**Records supplied:**
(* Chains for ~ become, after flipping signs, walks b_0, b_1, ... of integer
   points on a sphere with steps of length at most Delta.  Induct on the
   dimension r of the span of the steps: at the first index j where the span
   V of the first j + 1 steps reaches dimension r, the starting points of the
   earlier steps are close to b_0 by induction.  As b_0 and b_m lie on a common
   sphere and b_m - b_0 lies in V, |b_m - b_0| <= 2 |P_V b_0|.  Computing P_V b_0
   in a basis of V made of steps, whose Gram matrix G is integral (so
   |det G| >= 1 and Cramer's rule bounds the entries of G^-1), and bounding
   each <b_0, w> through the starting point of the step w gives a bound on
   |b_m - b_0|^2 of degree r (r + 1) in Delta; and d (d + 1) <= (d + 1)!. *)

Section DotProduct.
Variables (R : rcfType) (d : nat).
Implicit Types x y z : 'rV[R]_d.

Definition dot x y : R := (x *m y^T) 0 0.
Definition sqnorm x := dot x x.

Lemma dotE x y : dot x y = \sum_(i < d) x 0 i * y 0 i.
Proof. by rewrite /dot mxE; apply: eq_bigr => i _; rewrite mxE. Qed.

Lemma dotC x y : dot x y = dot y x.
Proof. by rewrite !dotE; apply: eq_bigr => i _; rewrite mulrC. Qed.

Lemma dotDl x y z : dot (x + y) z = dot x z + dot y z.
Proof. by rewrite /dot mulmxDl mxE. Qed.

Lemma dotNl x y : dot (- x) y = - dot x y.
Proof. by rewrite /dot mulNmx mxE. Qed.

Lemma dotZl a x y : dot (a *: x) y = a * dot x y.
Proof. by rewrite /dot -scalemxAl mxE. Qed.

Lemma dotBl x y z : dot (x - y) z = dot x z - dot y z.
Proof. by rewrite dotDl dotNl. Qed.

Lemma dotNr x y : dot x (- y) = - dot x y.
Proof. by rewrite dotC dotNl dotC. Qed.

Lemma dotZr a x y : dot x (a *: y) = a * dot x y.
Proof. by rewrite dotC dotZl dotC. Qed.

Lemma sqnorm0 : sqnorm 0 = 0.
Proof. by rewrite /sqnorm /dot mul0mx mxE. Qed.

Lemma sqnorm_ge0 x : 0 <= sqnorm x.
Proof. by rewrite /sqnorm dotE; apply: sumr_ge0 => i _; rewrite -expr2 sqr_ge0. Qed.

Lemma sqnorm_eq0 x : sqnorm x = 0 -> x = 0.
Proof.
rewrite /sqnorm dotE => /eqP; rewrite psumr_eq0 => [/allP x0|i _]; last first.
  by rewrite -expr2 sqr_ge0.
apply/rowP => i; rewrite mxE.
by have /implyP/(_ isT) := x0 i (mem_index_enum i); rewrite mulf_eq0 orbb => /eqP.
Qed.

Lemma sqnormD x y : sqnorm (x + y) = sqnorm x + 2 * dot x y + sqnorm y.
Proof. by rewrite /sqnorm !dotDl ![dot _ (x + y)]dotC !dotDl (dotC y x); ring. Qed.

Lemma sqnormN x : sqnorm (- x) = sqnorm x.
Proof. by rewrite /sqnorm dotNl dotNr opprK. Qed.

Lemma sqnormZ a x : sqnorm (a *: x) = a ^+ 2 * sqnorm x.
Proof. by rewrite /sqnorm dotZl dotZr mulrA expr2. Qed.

**Exercise:** Exactly as written, set down all of the material.

**Written answer:**
(* Chains for ~ become, after flipping signs, walks b_0, b_1, ... of integer
   points on a sphere with steps of length at most Delta.  Induct on the
   dimension r of the span of the steps: at the first index j where the span
   V of the first j + 1 steps reaches dimension r, the starting points of the
   earlier steps are close to b_0 by induction.  As b_0 and b_m lie on a common
   sphere and b_m - b_0 lies in V, |b_m - b_0| <= 2 |P_V b_0|.  Computing P_V b_0
   in a basis of V made of steps, whose Gram matrix G is integral (so
   |det G| >= 1 and Cramer's rule bounds the entries of G^-1), and bounding
   each <b_0, w> through the starting point of the step w gives a bound on
   |b_m - b_0|^2 of degree r (r + 1) in Delta; and d (d + 1) <= (d + 1)!. *)

Section DotProduct.
Variables (R : rcfType) (d : nat).
Implicit Types x y z : 'rV[R]_d.

Definition dot x y : R := (x *m y^T) 0 0.
Definition sqnorm x := dot x x.

Lemma dotE x y : dot x y = \sum_(i < d) x 0 i * y 0 i.
Proof. by rewrite /dot mxE; apply: eq_bigr => i _; rewrite mxE. Qed.

Lemma dotC x y : dot x y = dot y x.
Proof. by rewrite !dotE; apply: eq_bigr => i _; rewrite mulrC. Qed.

Lemma dotDl x y z : dot (x + y) z = dot x z + dot y z.
Proof. by rewrite /dot mulmxDl mxE. Qed.

Lemma dotNl x y : dot (- x) y = - dot x y.
Proof. by rewrite /dot mulNmx mxE. Qed.

Lemma dotZl a x y : dot (a *: x) y = a * dot x y.
Proof. by rewrite /dot -scalemxAl mxE. Qed.

Lemma dotBl x y z : dot (x - y) z = dot x z - dot y z.
Proof. by rewrite dotDl dotNl. Qed.

Lemma dotNr x y : dot x (- y) = - dot x y.
Proof. by rewrite dotC dotNl dotC. Qed.

Lemma dotZr a x y : dot x (a *: y) = a * dot x y.
Proof. by rewrite dotC dotZl dotC. Qed.

Lemma sqnorm0 : sqnorm 0 = 0.
Proof. by rewrite /sqnorm /dot mul0mx mxE. Qed.

Lemma sqnorm_ge0 x : 0 <= sqnorm x.
Proof. by rewrite /sqnorm dotE; apply: sumr_ge0 => i _; rewrite -expr2 sqr_ge0. Qed.

Lemma sqnorm_eq0 x : sqnorm x = 0 -> x = 0.
Proof.
rewrite /sqnorm dotE => /eqP; rewrite psumr_eq0 => [/allP x0|i _]; last first.
  by rewrite -expr2 sqr_ge0.
apply/rowP => i; rewrite mxE.
by have /implyP/(_ isT) := x0 i (mem_index_enum i); rewrite mulf_eq0 orbb => /eqP.
Qed.

Lemma sqnormD x y : sqnorm (x + y) = sqnorm x + 2 * dot x y + sqnorm y.
Proof. by rewrite /sqnorm !dotDl ![dot _ (x + y)]dotC !dotDl (dotC y x); ring. Qed.

Lemma sqnormN x : sqnorm (- x) = sqnorm x.
Proof. by rewrite /sqnorm dotNl dotNr opprK. Qed.

Lemma sqnormZ a x : sqnorm (a *: x) = a ^+ 2 * sqnorm x.
Proof. by rewrite /sqnorm dotZl dotZr mulrA expr2. Qed.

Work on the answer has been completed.